During that project i visited with several of the federal agencies that did the keywording and supplied the tapes, to discuss this problem. They had tried to mitigate the problem by two approaches; development of glossaries of keywords and staff training. While there were some improvements (which raised the cost of the effort), there were never satisfactory solutions to the issue. I had the same kind of problem at my end, in the phase of translating a query to a set of keywords.
Ignoring a related problem, which is that the terminology in different disciplines to define information may differ even for closely related items, and that the terminology in a given discipline tends to change over time, the fundamental problem with the issue of comprehensiveness of descriptors is that it cannot be mitigated very much without drastic increase of time and effort.
The second hair-pulling issue is consistency of application of descriptors, whether by different individuals, or by the same person at different times. Use of glossaries and training of personnel helped somewhat, but never made enough difference to keep this from being a serious problem. Adding an additional layer of review of the descriptors used for a document helped, but that added substantially to cost.
Based on that experience and on the fact that I often need to approach to analysis of information in my research databases from differing perspectives, I do not tag new items as they are added to those databases. I simply don’t have the time to attempt an adequate job of that, and wouldn’t consider the effort likely to be repaid well. DEVONthink gives me access to full text searches and to the ability to vary search criteria to improve results, when I’m looking for information. See Also can sometimes help overcome the problem of variations of terms used for similar topics. The DEVONthink environment is very different, compared to the limitations of our information dissemination project in the old days, which relied entirely on use of descriptors for searches.

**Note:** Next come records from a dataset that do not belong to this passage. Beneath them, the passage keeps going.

(* Let $n\ge2$, $\lambda_0\in\mathbb D\setminus\{0\}$ and $y^0\in\widetilde{\mathbb G}_n$. Then there exists an analytic $\psi:\mathbb D\to\widetilde\Gamma_n$ with $\psi(0)=(0,\dots,0)$ and $\psi(\lambda_0)=y^0$ if and only if there exists an analytic $\psi:\mathbb D\to\widetilde{\mathbb G}_n$ with $\psi(0)=(0,\dots,0)$ and $\psi(\lambda_0)=y^0$.
   Context: $\mathbb D$ is the open unit disc. $\widetilde{\mathbb G}_n=\{(y_1,\dots,y_{n-1},q)\in\mathbb C^n: q\in\mathbb D,\ y_j=\beta_j+\bar\beta_{n-j}q$ for some $\beta_j\in\mathbb C$ with $|\beta_j|+|\beta_{n-j}|<\binom{n}{j}$, $j=1,\dots,n-1\}$; $\widetilde\Gamma_n$ is its closure. *)

From Stdlib Require Import Reals.
From Coquelicot Require Import Coquelicot.
Open Scope R_scope.

(* A point of C^n is encoded as (y, q) with y : nat -> C; only the
   coordinates y 1, ..., y (n-1) are meaningful, q is the last coordinate. *)

Definition inD (z : C) : Prop := Cmod z < 1.

Definition binom (n j : nat) : R := Binomial.C n j.

Definition tG (n : nat) (y : nat -> C) (q : C) : Prop :=
  inD q /\
  exists beta : nat -> C,
    forall j : nat, (1 <= j <= n - 1)%nat ->
      y j = Cplus (beta j) (Cmult (Cconj (beta (n - j)%nat)) q) /\
      Cmod (beta j) + Cmod (beta (n - j)%nat) < binom n j.

Definition tGamma (n : nat) (y : nat -> C) (q : C) : Prop :=
  forall eps : R, 0 < eps ->
    exists (y' : nat -> C) (q' : C), tG n y' q' /\
      (forall j : nat, (1 <= j <= n - 1)%nat -> Cmod (Cminus (y' j) (y j)) < eps) /\
      Cmod (Cminus q' q) < eps.

Definition holo_on_D (f : C -> C) : Prop :=
  forall z : C, inD z -> ex_derive (K := C_AbsRing) (V := C_NormedModule) f z.

Definition analytic_interp (S : (nat -> C) -> C -> Prop) (n : nat)
    (psiy : C -> nat -> C) (psiq : C -> C)
    (lam0 : C) (y0 : nat -> C) (q0 : C) : Prop :=
  (forall j : nat, (1 <= j <= n - 1)%nat -> holo_on_D (fun z => psiy z j)) /\
  holo_on_D psiq /\
  (forall z : C, inD z -> S (psiy z) (psiq z)) /\
  (forall j : nat, (1 <= j <= n - 1)%nat -> psiy (RtoC 0) j = RtoC 0) /\
  psiq (RtoC 0) = RtoC 0 /\
  (forall j : nat, (1 <= j <= n - 1)%nat -> psiy lam0 j = y0 j) /\
  psiq lam0 = q0.

(* An analytic disc [psi] in the closure of G~_n with [psi 0 = 0] already lies in G~_n.
   A point [(y, q)] with [|q| < 1] lies in G~_n iff for every [j], with [c = C(n, j)],
     [|y_j - conj(y_(n-j)) q| + |y_(n-j) - conj(y_j) q| < c (1 - |q|^2)],
   while on the closure [|q| <= 1] and [|c q om - y_j| <= |c - y_(n-j) om|] for [|om| = 1].
   Along [psi], both [psi_q] and [(c psi_q om - psi_j) / (c - psi_(n-j) om)] are holomorphic
   maps of the disc into the closed disc vanishing at 0, so by the strict maximum modulus
   principle they take values in the open disc; a suitable choice of [om] turns this into
   the strict inequality above. The maximum principle comes from the mean value property of
   [Re f], obtained by Goursat's bisection argument applied to the Cauchy-Riemann equations
   integrated over polar rectangles. *)

From Stdlib Require Import Reals Lra Lia.
From Coquelicot Require Import Coquelicot.
Open Scope R_scope.

Lemma Rabs_im_le_Cmod (c : C) : Rabs (snd c) <= Cmod c.
Proof. destruct c as [a b]; apply (Rle_trans _ _ _ (Rmax_r _ _) (Rmax_Cmod (a, b))). Qed.

Lemma Cmod_le_Rabs_add (a b : R) : Cmod (a, b) <= Rabs a + Rabs b.
Proof.
  apply Rsqr_incr_0_var; [|pose proof (Rabs_pos a); pose proof (Rabs_pos b); lra].
  unfold Cmod; simpl; rewrite Rsqr_sqrt by nra.
  pose proof (Rsqr_abs a); pose proof (Rsqr_abs b); unfold Rsqr in *.
  pose proof (Rabs_pos a); pose proof (Rabs_pos b); nra.
Qed.

Lemma Cmod_le_sub (a b : C) : Cmod a <= Cmod b + Cmod (a - b).
Proof. replace a with (b + (a - b))%C at 1 by ring. apply Cmod_triangle. Qed.

Lemma Cmod_sub_sym (a b : C) : Cmod (a - b) = Cmod (b - a).
Proof. replace (a - b)%C with (- (b - a))%C by ring. apply Cmod_opp. Qed.

Lemma Rle_of_forall_le_add (x a K : R) :
  0 < K -> (forall eps, 0 < eps -> x <= a + K * eps) -> x <= a.
Proof.
  intros HK H. apply le_epsilon. intros eps Heps.
  specialize (H (eps / K) (Rdiv_lt_0_compat _ _ Heps HK)).
  replace (K * (eps / K)) with eps in H by (field; lra). exact H.
Qed.

Notation is_Cderive f z l := (@is_derive C_AbsRing C_NormedModule f z l).
Notation ex_Cderive f z := (@ex_derive C_AbsRing C_NormedModule f z).

(* [holo_on_D] differentiates into [C_NormedModule], whereas Coquelicot's product and chain
   rules are stated for [AbsRing_NormedModule C_AbsRing]; the two differ only by an
   equivalent uniform structure, and derivatives transfer between them. *)
Lemma is_Cderive_of_AbsRing (f : C -> C) z l :
  is_derive (V := AbsRing_NormedModule C_AbsRing) f z l -> is_Cderive f z l.
Proof. intros [[Hp Hs Hn] H]; repeat split; assumption. Qed.

Lemma AbsRing_of_is_Cderive (f : C -> C) z l :
  is_Cderive f z l -> is_derive (V := AbsRing_NormedModule C_AbsRing) f z l.
Proof. intros [[Hp Hs Hn] H]; repeat split; assumption. Qed.

Definition Ccontinuous (h : C -> C) (z : C) : Prop :=
  forall eps, 0 < eps -> exists del, 0 < del /\
    forall z', Cmod (z' - z) < del -> Cmod (h z' - h z) < eps.

Lemma ex_Cderive_Ccontinuous (f : C -> C) z : ex_Cderive f z -> Ccontinuous f z.
Proof.
  intros [l Hd] eps Heps.
  destruct (ex_derive_continuous (V := AbsRing_NormedModule C_AbsRing) f z
    (ex_intro _ l (AbsRing_of_is_Cderive f z l Hd)) _
    (locally_ball (T := AbsRing_NormedModule C_AbsRing) (f z) (mkposreal eps Heps)))
    as [d Hball].
  exists d; split; [apply cond_pos|]. exact Hball.
Qed.

Lemma is_Cderive_iff (f : C -> C) z l : is_Cderive f z l <->
  forall eps, 0 < eps -> exists del, 0 < del /\
    forall z', Cmod (z' - z) < del ->
      Cmod (f z' - f z - l * (z' - z)) <= eps * Cmod (z' - z).
Proof.
  split.
  - intros [_ H] eps Heps.
    destruct (locally_norm_le_locally (V := AbsRing_NormedModule C_AbsRing) z _
      (H z (fun P H => H) (mkposreal eps Heps))) as [d Hd].
    exists d; split; [apply cond_pos|]. intros z' Hz'.
    replace (f z' - f z - l * (z' - z))%C with (f z' + - f z + - ((z' + - z) * l))%C
      by ring.
    exact (Hd z' Hz').
  - intros H. split; [apply is_linear_scal_l|].
    intros x Hx.
    apply (is_filter_lim_locally_unique (V := AbsRing_NormedModule C_AbsRing)) in Hx.
    subst x. intros eps. destruct (H eps (cond_pos eps)) as [d [Hd H']].
    apply (locally_le_locally_norm (V := AbsRing_NormedModule C_AbsRing) z).
    exists (mkposreal d Hd). intros z' Hz'.
    change (Cmod (f z' + - f z + - ((z' + - z) * l)) <= eps * Cmod (z' + - z)).
    replace (f z' + - f z + - ((z' + - z) * l))%C with (f z' - f z - l * (z' - z))%C
      by ring.
    exact (H' z' Hz').
Qed.

Lemma ex_Cderive_const (c z : C) : ex_Cderive (fun _ => c) z.
Proof. exists zero. apply is_derive_const. Qed.

Lemma ex_Cderive_id (z : C) : ex_Cderive (fun u => u) z.
Proof. exists one. apply is_Cderive_of_AbsRing, (is_derive_id (K := C_AbsRing)). Qed.

Lemma ex_Cderive_minus (f g : C -> C) z :
  ex_Cderive f z -> ex_Cderive g z -> ex_Cderive (fun u => f u - g u)%C z.
Proof. intros [a Ha] [b Hb]. exists (minus a b). exact (is_derive_minus f g z a b Ha Hb). Qed.

Lemma ex_Cderive_mult (f g : C -> C) z :
  ex_Cderive f z -> ex_Cderive g z -> ex_Cderive (fun u => f u * g u)%C z.
Proof.
  intros [a Ha] [b Hb]. eexists. apply is_Cderive_of_AbsRing.
  exact (is_derive_mult f g z a b (AbsRing_of_is_Cderive _ _ _ Ha)
    (AbsRing_of_is_Cderive _ _ _ Hb) Cmult_comm).
Qed.

Lemma ex_Cderive_comp (f g : C -> C) z :
  ex_Cderive f (g z) -> ex_Cderive g z -> ex_Cderive (fun u => f (g u)) z.
Proof.
  intros [a Ha] [b Hb]. eexists.
  exact (is_derive_comp f g z a b Ha (AbsRing_of_is_Cderive _ _ _ Hb)).
Qed.

Lemma is_Cderive_Cinv (z : C) : z <> 0%C -> is_Cderive Cinv z (- / (z * z))%C.
Proof.
  intro Hz. apply is_Cderive_iff. intros eps Heps.
  assert (Hm : 0 < Cmod z) by (apply Cmod_gt_0; exact Hz).
  exists (Rmin (Cmod z / 2) (eps * Cmod z ^ 3 / 2)). split.
  { apply Rmin_pos; [lra|]. pose proof (pow_lt _ 3 Hm). nra. }
  intros z' Hz'.
  assert (H1 : Cmod (z' - z) < Cmod z / 2) by
    (eapply Rlt_le_trans; [exact Hz'|apply Rmin_l]).
  assert (H2 : Cmod (z' - z) < eps * Cmod z ^ 3 / 2) by
    (eapply Rlt_le_trans; [exact Hz'|apply Rmin_r]).
  assert (Hz'm : Cmod z / 2 < Cmod z').
  { pose proof (Cmod_le_sub z z'). rewrite Cmod_sub_sym in H. lra. }
  assert (Hz'0 : z' <> 0%C) by (apply Cmod_gt_0; lra).
  replace (/ z' - / z - - / (z * z) * (z' - z))%C
    with ((z' - z) * ((z' - z) / (z' * z * z)))%C by (field; tauto).
  rewrite Cmod_mult, Cmod_div, !Cmod_mult by (repeat apply Cmult_neq_0; assumption).
  rewrite Rmult_comm. apply Rmult_le_compat_r; [apply Cmod_ge_0|].
  apply Rle_div_l; [apply Rmult_lt_0_compat; [apply Rmult_lt_0_compat|]; lra|].
  assert (Cmod z ^ 3 / 2 <= Cmod z' * Cmod z * Cmod z).
  { replace (Cmod z ^ 3 / 2) with (Cmod z / 2 * Cmod z * Cmod z) by (simpl; field).
    apply Rmult_le_compat_r; [lra|]. apply Rmult_le_compat_r; lra. }
  apply Rlt_le, (Rlt_le_trans _ _ _ H2).
  unfold Rdiv; rewrite Rmult_assoc. apply Rmult_le_compat_l; lra.
Qed.

Lemma ex_Cderive_div (f g : C -> C) z :
  ex_Cderive f z -> ex_Cderive g z -> g z <> 0%C -> ex_Cderive (fun u => f u / g u)%C z.
Proof.
  intros Hf [b Hb] Hz. apply (ex_Cderive_mult f (fun u => / g u)%C); [exact Hf|].
  eexists. exact (is_derive_comp Cinv g z _ b (is_Cderive_Cinv _ Hz)
    (AbsRing_of_is_Cderive _ _ _ Hb)).
Qed.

That doesn’t mean that I consider tagging unimportant. It does mean that I tend to restrict tagging to a relatively small number of items, where that becomes a major aid to retrieval or use of the tagged items.
I often dump hundreds of new documents into a database. It’s unlikely that I’ll consider upfront tagging for any of them to be worth my time. In a few cases, such as the example of associating notes and photos of a trip to Malta, I might do so.
Feel free, as always, to consider me an eccentric. I probably am.